An examination of the provisions of the said ordinance in connection with the


provisions of said article (343) of the Penal Code will disclose the fact that
the said ordinance provides for the punishment of a different offense than
that provided for by the said article of the Penal Code. The ordinance
punishes a person who shall set up, keep, or maintain, etc., on any premises
occupied or controlled by him, instruments for the purpose of gaming or
gambling, etc., which may be used for gambling for anything of value. It will
be seen that under this ordinance these things need not be used for
gambling, whereas article 343 of the Penal Code punishes bankers and
proprietors of houses where games of chance, stakes, or hazard are
played. The ordinance punishes the maintenance of a house in which are
kept gambling paraphernalia, while the Penal Code punishes the
maintenance of a house where games of chance are actually played.
Therefore the ordinance punishes a different offense from that provided for
by the Penal Code in said article.

It is therefore clear that the Municipal Board, in enacting section 621 et seq. was
only dealing with the subject of gambling in its statutory sense, and paraphernalia
used for that purpose, and did not prohibit the playing of games or the betting
thereon, or the possession of paraphernalia used in playing thereof, the result of
which does not depend wholly or chiefly upon chance. The result is that, unless the
complaint alleges that the defendant was maintaining gambling devices on his
premises, it does not allege facts sufficient to constitute a public offense.
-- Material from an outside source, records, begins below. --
Lemma good_claim {k X Y c w} : lt k sigma -> (forall a, Y a -> X a) ->
  good (fun e => lt e k) Y c w ->
  let w' := fun e => lt e k /\ w e in
  let B := fun a => X a /\
    (forall e, lt e k -> w' e -> beta a e = c e) /\
    (forall e, lt e k -> ~ w' e ->
       (exists s, is_sup lt (lower_values k c e) s /\ lt s (beta a e)) /\ lt (beta a e) (c e)) in
  pos B /\
  (forall bp, (forall e, lt e k -> ~ w' e -> lt (bp e) (c e)) ->
     pos (fun a => B a /\ forall e, lt e k -> ~ w' e -> lt (bp e) (beta a e))).
Proof.
  intros Hk HYX Hgood w' B.
  destruct (good_sup_below Hk Hgood) as [sp Hsp].
  assert (Hfree : forall e, ~ w' e -> lt e k -> ~ w e) by (intros e Hw' He Hw; now apply Hw').
  assert (HB : forall v, under (fun e => lt e k) c w v ->
             (forall e, lt e k -> ~ w e -> le lt (sp e) (v e)) ->
             pos (fun a => B a /\ exceeds (fun e => lt e k) w v a)).
  { intros v Hv Hle. apply (pos_mono (proj1 (proj2 Hgood) v Hv)).
    intros a _ [HYa [[Hfw Hfn] Hx]]. split; [|exact Hx]. split; [exact (HYX a HYa)|]. split.
    - intros e He [_ Hw]. exact (Hfw e He Hw).
    - intros e He Hw'. pose proof (Hfree e Hw' He) as Hw.
      split; [|exact (Hfn e He Hw)]. exists (sp e). split; [exact (proj1 (Hsp e He Hw))|].
      exact (le_lt_trans (Hle e He Hw) (Hx e He Hw)). }
  assert (Hsp_under : under (fun e => lt e k) c w sp)
    by (intros e He Hw; exact (proj2 (Hsp e He Hw))).
  split.
  - apply (pos_mono (HB sp Hsp_under (fun e _ _ => le_refl _))). intros a _ [HBa _]. exact HBa.
  - intros bp Hbp.
    assert (Hbp_under : under (fun e => lt e k) c w bp).
    { intros e He Hw. apply Hbp; [exact He|]. intros [_ H]. exact (Hw H). }
    apply (pos_mono (HB _ (under_vmax Hsp_under Hbp_under) (fun e _ _ => vmax_l sp bp e))).
    intros a _ [HBa Hx]. split; [exact HBa|]. intros e He Hw'.
    exact (le_lt_trans (vmax_r sp bp e) (Hx e He (Hfree e Hw' He))).
Qed.

Definition upd (c : T -> T) (e u : T) : T -> T :=
  fun x => if excluded_middle_informative (e = x) then u else c x.

Lemma upd_same c e u : upd c e u e = u.
Proof.
  unfold upd. destruct (excluded_middle_informative (e = e)) as [_|H]; [reflexivity | now destruct H].
Qed.

Lemma upd_other c e u x : e <> x -> upd c e u x = c x.
Proof.
  intros H. unfold upd. destruct (excluded_middle_informative (e = x)); [contradiction | reflexivity].
Qed.

(** * Finitely many coordinates *)

Section AddCoordinate.
Variables (P : T -> Prop) (c : T -> T) (w : T -> Prop) (e : T).
Hypothesis HnP : ~ P e.

Let neq_of_P x : P x -> e <> x.
Proof. intros Hx <-. exact (HnP Hx). Qed.

Lemma good_fixed_coord Y u :
  good P Y c w -> jointly_pos P c w (fun a => Y a /\ beta a e = u) ->
  good (fun x => e = x \/ P x) Y (upd c e u) (fun x => e = x \/ w x).
Proof.
  intros [Hpos [_ Hlarge]] Hfix.
  destruct (pos_inhabited Hpos) as [a0 [_ [_ Ha0]]].
  assert (Hfits : forall a, fits P c w a -> beta a e = u ->
            fits (fun x => e = x \/ P x) (upd c e u) (fun x => e = x \/ w x) a).
  { intros a [H1 H2] Hu. split.
    - intros x [<- | Hx] Hw; [now rewrite upd_same|].
      rewrite upd_other by exact (neq_of_P Hx).
      destruct Hw as [<- | Hw]; [destruct (HnP Hx) | exact (H1 x Hx Hw)].
    - intros x [<- | Hx] Hw; [destruct Hw; now left|].
      rewrite upd_other by exact (neq_of_P Hx).
      apply H2; [exact Hx|]. intros Hw'. apply Hw. now right. }
  split; [|split].
  - apply (pos_mono (Hfix _ (under_beta Ha0))). intros a _ [[HY Hu] [Hf _]].
    exact (conj HY (Hfits a Hf Hu)).
  - intros v Hv.
    assert (HvP : under P c w v).
    { intros x Hx Hw. rewrite <- (upd_other c u (neq_of_P Hx)). apply Hv; [now right|].
      intros [E | Hw']; [exact (neq_of_P Hx E) | exact (Hw Hw')]. }
    apply (pos_mono (Hfix _ HvP)). intros a _ [[HY Hu] [Hf Hx]].
    split; [exact HY | split; [exact (Hfits a Hf Hu)|]].
    intros x [<- | HPx] Hw; [destruct Hw; now left|].
    apply Hx; [exact HPx|]. intros Hw'. apply Hw. now right.
  - intros x [<- | Hx] Hw; [destruct Hw; now left|].
    rewrite upd_other by exact (neq_of_P Hx). apply Hlarge; [exact Hx|].
    intros Hw'. apply Hw. now right.
Qed.
(* Let $G=G(I,P;E)$ be a pinned graph and $\mathbf p$ a configuration in $\mathbb R^2$ such that the pinned framework $G(\mathbf p)$ is an independent 1-DOF linkage, and let $d$ be a driver of $G(\mathbf p)$ which is active. Then the driver replacement $\overline G(\mathbf p)$ is an isostatic pinned framework (and hence $\overline G$ is a pinned isostatic graph).
   Context: A pinned graph $G(I,P;E)$ has inner vertices $I$, pinned vertices $P$, and edges $E$ each with at least one endpoint in $I$. In the pinned framework $G(\mathbf p)$ the pinned vertices are fixed; a first-order motion assigns $\mathbf p'_i\in\mathbb R^2$ to inner vertices ($\mathbf p'_v=\mathbf 0$ for $v\in P$) with $(\mathbf p_i-\mathbf p_j)\cdot(\mathbf p'_i-\mathbf p'_j)=0$ for every edge $ij$; a self-stress is an assignment of scalars $\lambda_{ij}$ to edges with $\sum_{j:ij\in E}\lambda_{ij}(\mathbf p_i-\mathbf p_j)=\mathbf 0$ at each inner vertex. $G(\mathbf p)$ is independent if its only self-stress is zero; it is an independent 1-DOF linkage if it is independent and its space of first-order motions is one-dimensional (so $|E|=2|I|-1$); it is isostatic if it is independent and has only the zero first-order motion. A driver of a 1-DOF linkage is one of: (a) a piston on a pair of vertices $a,b$; (b) an angle driver on an angle $\angle abc$ formed by edges $ab,bc$ at an inner vertex $b$ of degree $\ge3$; (c) an angle driver on an angle $\angle abc$ formed by edges $ab,bc$ at an inner vertex $b$ of degree $2$; (d) an angle driver on an angle $\angle a p_i p_j$ where $p_i,p_j\in P$, $a\in I$ and $ap_i\in E$. The brace pair of the driver is $\{a,b\}$ in case (a), $\{a,c\}$ in cases (b),(c), and $\{a,p_j\}$ in case (d). The driver is active at $G(\mathbf p)$ if for a non-zero first-order motion $\mathbf p'$, the brace pair $\{x,y\}$ has non-zero strain: $(\mathbf p_x-\mathbf p_y)\cdot(\mathbf p'_x-\mathbf p'_y)\ne 0$ (equivalently, after appending the row of the brace pair to the rigidity matrix, the system $R\mathbf p'=(0,\dots,0,s_d)^T$ is solvable for every $s_d$). The driver replacement $\overline G$ is: in case (a), $G$ plus the bar $ab$; in case (b), $G$ plus the bar $ac$; in case (c), $G$ plus the bar $ac$ with the vertex $b$ and its two edges removed; in case (d), $G$ with $a$ made into an additional pinned vertex (edges between pinned vertices being discarded). $\overline G(\mathbf p)$ uses the same positions $\mathbf p$. A pinned isostatic graph is one satisfying $|E|=2|I|$ and, for every subgraph $G'(I',P';E')$ with $E'\neq\emptyset$: $|E'|\le 2|I'|$ if $|P'|\ge 2$, $|E'|\le2|I'|-1$ if $|P'|=1$, $|E'|\le 2|I'|-3$ if $P'=\emptyset$. *)

(* The plane R^2 is 'rV[R]_2 over an arbitrary real field R
   (the statement is purely linear-algebraic). *)
From HB Require Import structures.
From mathcomp Require Import all_boot all_order all_algebra.
Set Implicit Arguments. Unset Strict Implicit. Unset Printing Implicit Defensive.
Import Order.TTheory GRing.Theory Num.Theory.
Local Open Scope ring_scope.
The complaint alleges that the defendant voluntarily and illegally permitted the
playing of a game called nones y pares for money and other things of value upon his
premises in violation of section 621 of the Revised Ordinances of the city of Manila.
It is nowhere alleged that nones y pares is a gambling game, nor can this be inferred
from the allegations in the complaint. It therefore follows that the allegations in the
complaint do not constitute a public offense. In reaching this conclusion, we have
found it unnecessary to decide whether or not the Municipal Board is empowered to
prohibit by municipal legislation the playing at or the betting or wagering upon games
which are not gambling, but which might be in the opinion of the board detrimental to
the welfare of the city. Neither have we found it necessary to decide at this time
whether, in view of the provisions of Act No. 1757, a municipality can, by ordinance,
penalize gambling. The only questions involved in this case, and which we have
decided are: (1) That section 621 et seq. of the Revised Ordinances deal with
matters relating to gambling only; and (2) that the complaint does not allege
that nones y pares is a gambling game.

For the foregoing reasons the judgment appealed from is affirmed, with costs
against the appellant.

Arellano, C.J., Torres and Johnson, JJ., concur.